Go through the data and tally the lines that hold the string "Inductive". Reply with the total alone.
Segment Start: Data under study
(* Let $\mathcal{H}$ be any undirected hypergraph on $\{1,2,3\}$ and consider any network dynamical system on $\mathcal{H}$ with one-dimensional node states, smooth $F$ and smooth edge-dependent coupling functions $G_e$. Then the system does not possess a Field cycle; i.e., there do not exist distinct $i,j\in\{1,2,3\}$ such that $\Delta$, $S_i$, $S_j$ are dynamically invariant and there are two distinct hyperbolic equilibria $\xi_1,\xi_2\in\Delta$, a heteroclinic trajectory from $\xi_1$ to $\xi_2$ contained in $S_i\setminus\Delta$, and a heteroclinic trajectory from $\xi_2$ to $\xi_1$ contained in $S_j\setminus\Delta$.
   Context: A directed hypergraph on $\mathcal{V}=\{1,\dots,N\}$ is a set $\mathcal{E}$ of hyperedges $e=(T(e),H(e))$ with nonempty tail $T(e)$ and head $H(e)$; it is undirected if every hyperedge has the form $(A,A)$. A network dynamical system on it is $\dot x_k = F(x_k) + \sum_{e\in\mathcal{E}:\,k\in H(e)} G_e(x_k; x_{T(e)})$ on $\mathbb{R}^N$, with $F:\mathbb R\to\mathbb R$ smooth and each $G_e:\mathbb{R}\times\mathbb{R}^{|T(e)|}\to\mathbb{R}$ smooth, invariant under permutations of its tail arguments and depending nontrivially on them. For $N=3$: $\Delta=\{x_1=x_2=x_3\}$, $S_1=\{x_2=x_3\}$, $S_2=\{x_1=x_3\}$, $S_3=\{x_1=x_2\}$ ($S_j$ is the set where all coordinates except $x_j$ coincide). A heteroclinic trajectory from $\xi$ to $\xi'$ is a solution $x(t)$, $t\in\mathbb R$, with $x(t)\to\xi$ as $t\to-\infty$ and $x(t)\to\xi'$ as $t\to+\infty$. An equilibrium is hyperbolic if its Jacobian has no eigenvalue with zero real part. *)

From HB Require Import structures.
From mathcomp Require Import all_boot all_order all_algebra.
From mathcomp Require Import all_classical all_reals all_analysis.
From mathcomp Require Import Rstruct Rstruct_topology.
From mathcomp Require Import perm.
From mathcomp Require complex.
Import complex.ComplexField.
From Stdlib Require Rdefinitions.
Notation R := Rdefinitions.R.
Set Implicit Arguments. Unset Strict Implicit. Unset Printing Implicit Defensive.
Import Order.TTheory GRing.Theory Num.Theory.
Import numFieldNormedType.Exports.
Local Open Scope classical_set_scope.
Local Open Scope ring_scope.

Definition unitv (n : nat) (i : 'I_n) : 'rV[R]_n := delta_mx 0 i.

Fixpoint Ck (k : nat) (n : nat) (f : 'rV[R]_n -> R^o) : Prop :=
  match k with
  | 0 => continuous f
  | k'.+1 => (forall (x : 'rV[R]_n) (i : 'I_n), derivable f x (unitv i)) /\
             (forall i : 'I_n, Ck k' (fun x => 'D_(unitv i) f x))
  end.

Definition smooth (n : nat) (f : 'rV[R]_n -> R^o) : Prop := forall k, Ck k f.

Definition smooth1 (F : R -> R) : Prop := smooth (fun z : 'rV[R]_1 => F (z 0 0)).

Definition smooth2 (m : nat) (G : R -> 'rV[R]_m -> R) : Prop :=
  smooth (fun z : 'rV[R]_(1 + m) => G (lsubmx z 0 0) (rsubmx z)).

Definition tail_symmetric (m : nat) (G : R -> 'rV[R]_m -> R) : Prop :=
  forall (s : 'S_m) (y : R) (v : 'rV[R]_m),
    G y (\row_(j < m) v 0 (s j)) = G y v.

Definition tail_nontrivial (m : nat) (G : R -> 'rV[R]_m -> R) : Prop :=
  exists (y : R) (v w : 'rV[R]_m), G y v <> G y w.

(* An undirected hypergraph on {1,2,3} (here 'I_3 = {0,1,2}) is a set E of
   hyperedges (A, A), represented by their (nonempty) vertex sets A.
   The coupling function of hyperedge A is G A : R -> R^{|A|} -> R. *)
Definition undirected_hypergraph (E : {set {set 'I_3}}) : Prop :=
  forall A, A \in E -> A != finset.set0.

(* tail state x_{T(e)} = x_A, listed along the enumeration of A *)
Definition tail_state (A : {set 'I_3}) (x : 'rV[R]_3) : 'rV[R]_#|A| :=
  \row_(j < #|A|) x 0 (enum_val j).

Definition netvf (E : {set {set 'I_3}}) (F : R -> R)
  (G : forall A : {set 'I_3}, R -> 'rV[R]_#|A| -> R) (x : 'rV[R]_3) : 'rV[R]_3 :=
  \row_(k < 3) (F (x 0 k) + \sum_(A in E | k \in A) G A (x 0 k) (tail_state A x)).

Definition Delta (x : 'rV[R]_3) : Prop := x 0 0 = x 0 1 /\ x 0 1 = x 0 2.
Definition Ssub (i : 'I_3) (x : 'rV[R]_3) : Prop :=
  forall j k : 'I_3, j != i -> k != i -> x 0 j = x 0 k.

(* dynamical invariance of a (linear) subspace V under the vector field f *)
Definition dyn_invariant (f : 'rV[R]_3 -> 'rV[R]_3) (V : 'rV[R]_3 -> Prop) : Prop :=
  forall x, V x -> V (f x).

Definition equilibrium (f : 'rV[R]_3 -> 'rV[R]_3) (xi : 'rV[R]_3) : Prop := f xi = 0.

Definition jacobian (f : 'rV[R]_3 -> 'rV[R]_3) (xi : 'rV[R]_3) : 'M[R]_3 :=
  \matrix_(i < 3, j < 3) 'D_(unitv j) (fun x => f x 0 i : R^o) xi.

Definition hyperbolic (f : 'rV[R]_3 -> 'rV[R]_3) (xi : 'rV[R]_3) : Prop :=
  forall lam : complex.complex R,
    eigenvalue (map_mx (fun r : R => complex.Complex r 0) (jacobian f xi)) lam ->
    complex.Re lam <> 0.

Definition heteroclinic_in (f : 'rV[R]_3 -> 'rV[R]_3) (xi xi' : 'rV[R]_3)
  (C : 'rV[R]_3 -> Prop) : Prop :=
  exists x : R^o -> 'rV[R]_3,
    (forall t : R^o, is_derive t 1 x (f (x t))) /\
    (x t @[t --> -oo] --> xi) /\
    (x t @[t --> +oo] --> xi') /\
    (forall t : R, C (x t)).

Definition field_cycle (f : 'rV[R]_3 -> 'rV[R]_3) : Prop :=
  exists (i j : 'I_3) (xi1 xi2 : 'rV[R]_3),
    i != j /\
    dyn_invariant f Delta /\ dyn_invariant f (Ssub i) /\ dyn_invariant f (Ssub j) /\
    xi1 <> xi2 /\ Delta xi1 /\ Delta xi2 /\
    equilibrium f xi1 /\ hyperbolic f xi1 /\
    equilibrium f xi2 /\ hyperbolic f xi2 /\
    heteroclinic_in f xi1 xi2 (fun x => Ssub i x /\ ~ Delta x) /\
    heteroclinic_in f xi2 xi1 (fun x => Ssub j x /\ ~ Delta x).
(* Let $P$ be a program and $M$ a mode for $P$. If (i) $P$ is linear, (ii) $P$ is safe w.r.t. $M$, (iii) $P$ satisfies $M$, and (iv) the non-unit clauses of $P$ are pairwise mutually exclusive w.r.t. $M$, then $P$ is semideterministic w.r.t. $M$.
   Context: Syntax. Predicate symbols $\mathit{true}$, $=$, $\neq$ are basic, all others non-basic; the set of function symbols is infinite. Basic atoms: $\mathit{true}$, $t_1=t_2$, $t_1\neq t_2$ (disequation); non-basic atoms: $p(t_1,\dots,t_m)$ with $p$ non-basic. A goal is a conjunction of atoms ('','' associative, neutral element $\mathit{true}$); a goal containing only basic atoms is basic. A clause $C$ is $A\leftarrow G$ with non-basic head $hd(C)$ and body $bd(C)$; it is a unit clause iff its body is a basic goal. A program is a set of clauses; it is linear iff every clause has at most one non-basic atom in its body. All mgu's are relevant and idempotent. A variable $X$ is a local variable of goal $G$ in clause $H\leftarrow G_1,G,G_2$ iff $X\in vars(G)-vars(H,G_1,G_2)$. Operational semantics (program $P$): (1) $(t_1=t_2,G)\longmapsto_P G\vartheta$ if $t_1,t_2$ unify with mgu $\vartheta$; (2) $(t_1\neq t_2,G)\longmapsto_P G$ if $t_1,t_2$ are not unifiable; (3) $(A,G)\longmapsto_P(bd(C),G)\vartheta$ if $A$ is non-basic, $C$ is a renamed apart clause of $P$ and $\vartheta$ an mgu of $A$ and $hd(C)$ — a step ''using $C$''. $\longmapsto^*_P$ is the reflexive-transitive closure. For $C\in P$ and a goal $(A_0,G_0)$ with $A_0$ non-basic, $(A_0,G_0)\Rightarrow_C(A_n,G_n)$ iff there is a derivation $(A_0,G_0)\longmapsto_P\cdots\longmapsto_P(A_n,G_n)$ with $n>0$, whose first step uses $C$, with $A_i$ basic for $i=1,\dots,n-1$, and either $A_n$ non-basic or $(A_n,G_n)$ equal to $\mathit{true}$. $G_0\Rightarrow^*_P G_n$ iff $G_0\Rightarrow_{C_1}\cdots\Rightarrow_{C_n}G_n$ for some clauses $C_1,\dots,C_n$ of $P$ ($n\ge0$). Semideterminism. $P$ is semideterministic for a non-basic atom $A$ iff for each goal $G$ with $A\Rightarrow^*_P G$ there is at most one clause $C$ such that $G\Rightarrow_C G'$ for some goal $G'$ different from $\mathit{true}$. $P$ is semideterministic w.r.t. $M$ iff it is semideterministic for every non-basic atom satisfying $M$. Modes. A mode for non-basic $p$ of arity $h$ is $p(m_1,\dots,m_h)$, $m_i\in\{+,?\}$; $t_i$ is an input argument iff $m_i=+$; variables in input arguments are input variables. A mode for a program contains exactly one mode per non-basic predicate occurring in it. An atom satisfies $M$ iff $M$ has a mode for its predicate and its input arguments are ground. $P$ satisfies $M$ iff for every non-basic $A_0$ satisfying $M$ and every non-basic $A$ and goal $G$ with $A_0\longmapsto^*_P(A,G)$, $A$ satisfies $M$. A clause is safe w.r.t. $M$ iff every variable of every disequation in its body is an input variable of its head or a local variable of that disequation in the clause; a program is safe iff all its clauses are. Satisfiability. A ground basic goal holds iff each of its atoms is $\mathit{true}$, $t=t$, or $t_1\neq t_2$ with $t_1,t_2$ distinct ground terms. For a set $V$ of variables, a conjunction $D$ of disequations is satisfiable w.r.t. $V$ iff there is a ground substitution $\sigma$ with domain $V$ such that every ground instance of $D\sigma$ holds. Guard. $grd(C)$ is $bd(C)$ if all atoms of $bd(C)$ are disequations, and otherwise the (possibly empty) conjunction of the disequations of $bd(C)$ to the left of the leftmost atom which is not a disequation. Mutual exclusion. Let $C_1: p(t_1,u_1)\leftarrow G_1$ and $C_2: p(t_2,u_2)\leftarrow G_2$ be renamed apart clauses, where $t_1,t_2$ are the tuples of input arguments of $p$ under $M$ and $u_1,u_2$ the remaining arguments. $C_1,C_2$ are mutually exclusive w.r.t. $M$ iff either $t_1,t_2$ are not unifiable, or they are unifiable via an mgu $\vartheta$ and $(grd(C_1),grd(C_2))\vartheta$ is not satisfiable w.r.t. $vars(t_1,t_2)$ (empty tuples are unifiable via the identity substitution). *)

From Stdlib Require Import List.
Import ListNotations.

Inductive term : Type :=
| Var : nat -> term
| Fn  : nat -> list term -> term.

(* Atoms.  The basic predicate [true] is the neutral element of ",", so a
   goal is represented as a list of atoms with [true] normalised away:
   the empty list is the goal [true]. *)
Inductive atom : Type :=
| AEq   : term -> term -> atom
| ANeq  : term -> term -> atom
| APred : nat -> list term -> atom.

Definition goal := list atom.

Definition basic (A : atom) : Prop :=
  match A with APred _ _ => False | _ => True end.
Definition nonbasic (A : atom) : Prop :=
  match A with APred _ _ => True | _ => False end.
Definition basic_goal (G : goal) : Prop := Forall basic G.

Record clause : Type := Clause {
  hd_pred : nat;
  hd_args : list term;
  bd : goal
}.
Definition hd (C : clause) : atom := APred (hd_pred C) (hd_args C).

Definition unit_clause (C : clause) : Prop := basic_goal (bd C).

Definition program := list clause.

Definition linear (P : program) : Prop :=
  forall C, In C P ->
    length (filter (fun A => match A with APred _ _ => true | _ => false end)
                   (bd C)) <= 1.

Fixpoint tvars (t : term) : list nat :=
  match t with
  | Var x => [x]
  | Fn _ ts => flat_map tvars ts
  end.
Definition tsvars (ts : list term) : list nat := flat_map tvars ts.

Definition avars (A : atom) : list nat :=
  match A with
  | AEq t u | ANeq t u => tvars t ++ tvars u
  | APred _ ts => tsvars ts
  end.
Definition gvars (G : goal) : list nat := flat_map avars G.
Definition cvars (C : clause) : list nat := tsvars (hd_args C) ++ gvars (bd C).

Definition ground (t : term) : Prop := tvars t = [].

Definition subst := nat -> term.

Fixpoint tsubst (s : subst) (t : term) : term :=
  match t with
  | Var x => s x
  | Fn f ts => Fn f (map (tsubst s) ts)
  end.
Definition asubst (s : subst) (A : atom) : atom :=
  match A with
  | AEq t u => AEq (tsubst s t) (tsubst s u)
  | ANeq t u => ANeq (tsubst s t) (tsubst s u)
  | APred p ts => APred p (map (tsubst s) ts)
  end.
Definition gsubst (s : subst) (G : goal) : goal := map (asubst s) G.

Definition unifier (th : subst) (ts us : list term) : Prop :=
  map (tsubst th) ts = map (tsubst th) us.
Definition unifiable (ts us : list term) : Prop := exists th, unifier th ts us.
Segment End: Data under study
◆ Solution to this exercise
2